(* If $\bm{\Omega}$ is positive definite, then a normal mode transformation exists.
   Context: Fix an integer $N\ge 1$, real numbers $v$ with $|v|<1$, $L>0$, $L_{\star}\ge 0$, an integer $M\ge 1$ and real coefficients $c_{1}=1,c_{2},\dots,c_{M}$. Let $F(k)=\sum_{i=1}^{M}(-1)^{i-1}c_{i}L_{\star}^{2i-2}k^{2i-1}$ and $k_{n}=n\pi/L$, and assume $F(k_{n})^{2}\neq v^{2}k_{n}^{2}$ for $n=1,\dots,N$. Put $u_{n}=\sqrt{|F(k_{n})^{2}-v^{2}k_{n}^{2}|}/k_{n}>0$, and $\varepsilon_{n}=1$ if $F(k_{n})^{2}-v^{2}k_{n}^{2}>0$, $\varepsilon_{n}=0$ otherwise. Define $N\times N$ matrices $\bm\sigma,\bm\rho,\bm\xi$ by $\sigma_{nn}=0$, $\sigma_{nm}=\dfrac{2iv\sqrt{nm}\,[1-(-1)^{n+m}]}{\pi\sqrt{u_{n}u_{m}}\,(m^{2}-n^{2})}$ for $n\neq m$, $\bm\rho=\mathrm{diag}(n u_{n}\varepsilon_{n})$, $\bm\xi=\mathrm{diag}(-n u_{n}(1-\varepsilon_{n}))$. With $\mathbf{I}$ the $N\times N$ identity, define the $2N\times 2N$ matrices $\bm{\Sigma}=\begin{pmatrix}\mathbf{I}&\mathbf{0}\\ \mathbf{0}&-\mathbf{I}\end{pmatrix}$, $\bm{\Gamma}=\begin{pmatrix}\mathbf{0}&\mathbf{I}\\ \mathbf{I}&\mathbf{0}\end{pmatrix}$, $\mathbf{R}=\bm{\Sigma}-\begin{pmatrix}\bm\sigma&\bm\sigma\\ \bm\sigma&\bm\sigma\end{pmatrix}$, $\bm{\Omega}=\begin{pmatrix}\bm\rho&\bm\xi\\ \bm\xi&\bm\rho\end{pmatrix}$. Standing assumption: $\mathbf{R}$ is invertible. Let $\mathbf{D}=\mathbf{R}^{-1}\bm{\Omega}$. Here ${}^{*}$ denotes entrywise complex conjugation and ${}^{\mathrm{H}}$ the conjugate transpose. A normal mode transformation is a $2N\times2N$ matrix $\mathbf{T}$ such that (i) $\mathbf{T}^{\mathrm{H}}\mathbf{R}\mathbf{T}=\bm{\Sigma}$; (ii) $\mathbf{T}=\bm{\Gamma}\mathbf{T}^{*}\bm{\Gamma}$; (iii) $\mathbf{T}^{-1}\mathbf{D}\mathbf{T}=\mathrm{diag}(\mu_{1},\dots,\mu_{N},-\mu_{1},\dots,-\mu_{N})$ for some real numbers $\mu_{n}>0$, where $\mathbf{T}^{-1}=\bm{\Sigma}\mathbf{T}^{\mathrm{H}}\mathbf{R}$. *)

From HB Require Import structures.
From mathcomp Require Import all_boot all_order all_algebra.
From mathcomp Require Import all_classical all_reals all_analysis.
From mathcomp Require Import complex.
Unset Printing Implicit Defensive.
Import Order.TTheory GRing.Theory Num.Theory.
Local Open Scope ring_scope.
Local Open Scope complex_scope.

Section NormalModes.
Context {R : realType}.
Local Notation C := (R[i]).

Definition mxconj {m n} (A : 'M[C]_(m, n)) : 'M[C]_(m, n) := map_mx Num.conj A.
Definition mxH {m n} (A : 'M[C]_(m, n)) : 'M[C]_(n, m) := (mxconj A)^T.

Definition Fdisp (M : nat) (c : nat -> R) (Ls k : R) : R :=
  \sum_(1 <= i < M.+1) (-1) ^+ (i.-1) * c i * Ls ^+ (2 * i - 2)%N * k ^+ (2 * i - 1)%N.

(* k_n = n pi / L ; indices i : 'I_N stand for n = i+1 *)
Definition kn (L : R) (n : nat) : R := n%:R * pi / L.

Definition discr M c Ls v L (n : nat) : R :=
  Fdisp M c Ls (kn L n) ^+ 2 - v ^+ 2 * kn L n ^+ 2.

Definition un M c Ls v L (n : nat) : R := Num.sqrt `|discr M c Ls v L n| / kn L n.

Definition epsn M c Ls v L (n : nat) : R := if 0 < discr M c Ls v L n then 1 else 0.

Definition sigma_mx N M c Ls v L : 'M[C]_N :=
  \matrix_(i, j)
    if i == j then 0 else
    let n := (i : nat).+1 in let m := (j : nat).+1 in
    'i * ((2 * v * Num.sqrt (n%:R * m%:R) * (1 - (-1) ^+ (n + m)))
          / (pi * Num.sqrt (un M c Ls v L n * un M c Ls v L m)
             * (m%:R ^+ 2 - n%:R ^+ 2)))%:C.
(* A line of the grid through a chord consists of chords sharing its
   endpoint in X (resp. Y); so a line-heavy box has a high-degree vertex. *)
Lemma line_heavy_vertex (th : R) (b : box) :
  heavy_line th xpos (cpts b) \/ heavy_line th ypos (cpts b) ->
  let p := section_pair b in
  exists v, v \in p.1 ++ p.2 /\
    (INR #|[set c in chords e p.1 p.2 | (c.1 == v) || (c.2 == v)]|
       >= INR #|chords e p.1 p.2| / th)%R.
Proof.
rewrite /= chords_section.
have in_b c : c \in cpts b -> c \in chords e (section_pair b).1 (section_pair b).2.
  by rewrite chords_section.
case=> -[c cb heavy_c].
- exists c.1; split; first by have := in_b c cb; rewrite inE mem_cat => /and3P[->].
  apply/Rle_ge/(Rle_trans _ _ _ heavy_c)/le_INR/leP/subset_leq_card/subsetP => d.
  rewrite inE => /andP[db /eqP same_x]; rewrite inE db /=.
  have /andP[cX _] := cpts_mem cb; have /andP[dX _] := cpts_mem db.
  by rewrite (index_inj c.1 dX cX same_x) eqxx.
- exists c.2; split.
    by have := in_b c cb; rewrite inE mem_cat => /and3P[_ ->]; rewrite orbT.
  apply/Rle_ge/(Rle_trans _ _ _ heavy_c)/le_INR/leP/subset_leq_card/subsetP => d.
  rewrite inE => /andP[db /eqP same_y]; rewrite inE db /=.
  have /andP[_ cY] := cpts_mem cb; have /andP[_ dY] := cpts_mem db.
  by rewrite (index_inj c.2 dY cY same_y) eqxx orbT.
Qed.

(* Crossing chords of the grid are interlacing chords; so a cross-heavy box
   has a chord interlacing many others. *)
Lemma cross_heavy_interlace (th : R) (b : box) :
  heavy_cross xpos ypos th (cpts b) ->
  let p := section_pair b in
  exists c, c \in chords e p.1 p.2 /\
    (INR #|[set d in chords e p.1 p.2 | interlace X Y c d]|
       >= INR #|chords e p.1 p.2| / th)%R.
Proof.
rewrite /= chords_section => -[c cb heavy_c]; exists c; split=> //.
apply/Rle_ge/(Rle_trans _ _ _ heavy_c)/le_INR/leP/subset_leq_card/subsetP => d.
rewrite inE => /andP[db cross]; rewrite inE db /=.
have /andP[cX cY] := cpts_mem cb; have /andP[dX dY] := cpts_mem db.
move: cross; rewrite /crossing /interlace /parallel_chords /above /xpos /ypos.
rewrite cX cY dX dY /= => cross.
have x_neq : c.1 != d.1 by apply: contraTneq cross => ->; lia.
have y_neq : c.2 != d.2 by apply: contraTneq cross => ->; lia.
by rewrite x_neq y_neq /=; lia.
Qed.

————————

THE TASK:
Each line of the data above needs to be returned exactly.

YOUR RESPONSE:
(* If $\bm{\Omega}$ is positive definite, then a normal mode transformation exists.
   Context: Fix an integer $N\ge 1$, real numbers $v$ with $|v|<1$, $L>0$, $L_{\star}\ge 0$, an integer $M\ge 1$ and real coefficients $c_{1}=1,c_{2},\dots,c_{M}$. Let $F(k)=\sum_{i=1}^{M}(-1)^{i-1}c_{i}L_{\star}^{2i-2}k^{2i-1}$ and $k_{n}=n\pi/L$, and assume $F(k_{n})^{2}\neq v^{2}k_{n}^{2}$ for $n=1,\dots,N$. Put $u_{n}=\sqrt{|F(k_{n})^{2}-v^{2}k_{n}^{2}|}/k_{n}>0$, and $\varepsilon_{n}=1$ if $F(k_{n})^{2}-v^{2}k_{n}^{2}>0$, $\varepsilon_{n}=0$ otherwise. Define $N\times N$ matrices $\bm\sigma,\bm\rho,\bm\xi$ by $\sigma_{nn}=0$, $\sigma_{nm}=\dfrac{2iv\sqrt{nm}\,[1-(-1)^{n+m}]}{\pi\sqrt{u_{n}u_{m}}\,(m^{2}-n^{2})}$ for $n\neq m$, $\bm\rho=\mathrm{diag}(n u_{n}\varepsilon_{n})$, $\bm\xi=\mathrm{diag}(-n u_{n}(1-\varepsilon_{n}))$. With $\mathbf{I}$ the $N\times N$ identity, define the $2N\times 2N$ matrices $\bm{\Sigma}=\begin{pmatrix}\mathbf{I}&\mathbf{0}\\ \mathbf{0}&-\mathbf{I}\end{pmatrix}$, $\bm{\Gamma}=\begin{pmatrix}\mathbf{0}&\mathbf{I}\\ \mathbf{I}&\mathbf{0}\end{pmatrix}$, $\mathbf{R}=\bm{\Sigma}-\begin{pmatrix}\bm\sigma&\bm\sigma\\ \bm\sigma&\bm\sigma\end{pmatrix}$, $\bm{\Omega}=\begin{pmatrix}\bm\rho&\bm\xi\\ \bm\xi&\bm\rho\end{pmatrix}$. Standing assumption: $\mathbf{R}$ is invertible. Let $\mathbf{D}=\mathbf{R}^{-1}\bm{\Omega}$. Here ${}^{*}$ denotes entrywise complex conjugation and ${}^{\mathrm{H}}$ the conjugate transpose. A normal mode transformation is a $2N\times2N$ matrix $\mathbf{T}$ such that (i) $\mathbf{T}^{\mathrm{H}}\mathbf{R}\mathbf{T}=\bm{\Sigma}$; (ii) $\mathbf{T}=\bm{\Gamma}\mathbf{T}^{*}\bm{\Gamma}$; (iii) $\mathbf{T}^{-1}\mathbf{D}\mathbf{T}=\mathrm{diag}(\mu_{1},\dots,\mu_{N},-\mu_{1},\dots,-\mu_{N})$ for some real numbers $\mu_{n}>0$, where $\mathbf{T}^{-1}=\bm{\Sigma}\mathbf{T}^{\mathrm{H}}\mathbf{R}$. *)

From HB Require Import structures.
From mathcomp Require Import all_boot all_order all_algebra.
From mathcomp Require Import all_classical all_reals all_analysis.
From mathcomp Require Import complex.
Unset Printing Implicit Defensive.
Import Order.TTheory GRing.Theory Num.Theory.
Local Open Scope ring_scope.
Local Open Scope complex_scope.

Section NormalModes.
Context {R : realType}.
Local Notation C := (R[i]).

Definition mxconj {m n} (A : 'M[C]_(m, n)) : 'M[C]_(m, n) := map_mx Num.conj A.
Definition mxH {m n} (A : 'M[C]_(m, n)) : 'M[C]_(n, m) := (mxconj A)^T.

Definition Fdisp (M : nat) (c : nat -> R) (Ls k : R) : R :=
  \sum_(1 <= i < M.+1) (-1) ^+ (i.-1) * c i * Ls ^+ (2 * i - 2)%N * k ^+ (2 * i - 1)%N.

(* k_n = n pi / L ; indices i : 'I_N stand for n = i+1 *)
Definition kn (L : R) (n : nat) : R := n%:R * pi / L.

Definition discr M c Ls v L (n : nat) : R :=
  Fdisp M c Ls (kn L n) ^+ 2 - v ^+ 2 * kn L n ^+ 2.

Definition un M c Ls v L (n : nat) : R := Num.sqrt `|discr M c Ls v L n| / kn L n.

Definition epsn M c Ls v L (n : nat) : R := if 0 < discr M c Ls v L n then 1 else 0.

Definition sigma_mx N M c Ls v L : 'M[C]_N :=
  \matrix_(i, j)
    if i == j then 0 else
    let n := (i : nat).+1 in let m := (j : nat).+1 in
    'i * ((2 * v * Num.sqrt (n%:R * m%:R) * (1 - (-1) ^+ (n + m)))
          / (pi * Num.sqrt (un M c Ls v L n * un M c Ls v L m)
             * (m%:R ^+ 2 - n%:R ^+ 2)))%:C.
(* A line of the grid through a chord consists of chords sharing its
   endpoint in X (resp. Y); so a line-heavy box has a high-degree vertex. *)
Lemma line_heavy_vertex (th : R) (b : box) :
  heavy_line th xpos (cpts b) \/ heavy_line th ypos (cpts b) ->
  let p := section_pair b in
  exists v, v \in p.1 ++ p.2 /\
    (INR #|[set c in chords e p.1 p.2 | (c.1 == v) || (c.2 == v)]|
       >= INR #|chords e p.1 p.2| / th)%R.
Proof.
rewrite /= chords_section.
have in_b c : c \in cpts b -> c \in chords e (section_pair b).1 (section_pair b).2.
  by rewrite chords_section.
case=> -[c cb heavy_c].
- exists c.1; split; first by have := in_b c cb; rewrite inE mem_cat => /and3P[->].
  apply/Rle_ge/(Rle_trans _ _ _ heavy_c)/le_INR/leP/subset_leq_card/subsetP => d.
  rewrite inE => /andP[db /eqP same_x]; rewrite inE db /=.
  have /andP[cX _] := cpts_mem cb; have /andP[dX _] := cpts_mem db.
  by rewrite (index_inj c.1 dX cX same_x) eqxx.
- exists c.2; split.
    by have := in_b c cb; rewrite inE mem_cat => /and3P[_ ->]; rewrite orbT.
  apply/Rle_ge/(Rle_trans _ _ _ heavy_c)/le_INR/leP/subset_leq_card/subsetP => d.
  rewrite inE => /andP[db /eqP same_y]; rewrite inE db /=.
  have /andP[_ cY] := cpts_mem cb; have /andP[_ dY] := cpts_mem db.
  by rewrite (index_inj c.2 dY cY same_y) eqxx orbT.
Qed.

(* Crossing chords of the grid are interlacing chords; so a cross-heavy box
   has a chord interlacing many others. *)
Lemma cross_heavy_interlace (th : R) (b : box) :
  heavy_cross xpos ypos th (cpts b) ->
  let p := section_pair b in
  exists c, c \in chords e p.1 p.2 /\
    (INR #|[set d in chords e p.1 p.2 | interlace X Y c d]|
       >= INR #|chords e p.1 p.2| / th)%R.
Proof.
rewrite /= chords_section => -[c cb heavy_c]; exists c; split=> //.
apply/Rle_ge/(Rle_trans _ _ _ heavy_c)/le_INR/leP/subset_leq_card/subsetP => d.
rewrite inE => /andP[db cross]; rewrite inE db /=.
have /andP[cX cY] := cpts_mem cb; have /andP[dX dY] := cpts_mem db.
move: cross; rewrite /crossing /interlace /parallel_chords /above /xpos /ypos.
rewrite cX cY dX dY /= => cross.
have x_neq : c.1 != d.1 by apply: contraTneq cross => ->; lia.
have y_neq : c.2 != d.2 by apply: contraTneq cross => ->; lia.
by rewrite x_neq y_neq /=; lia.
Qed.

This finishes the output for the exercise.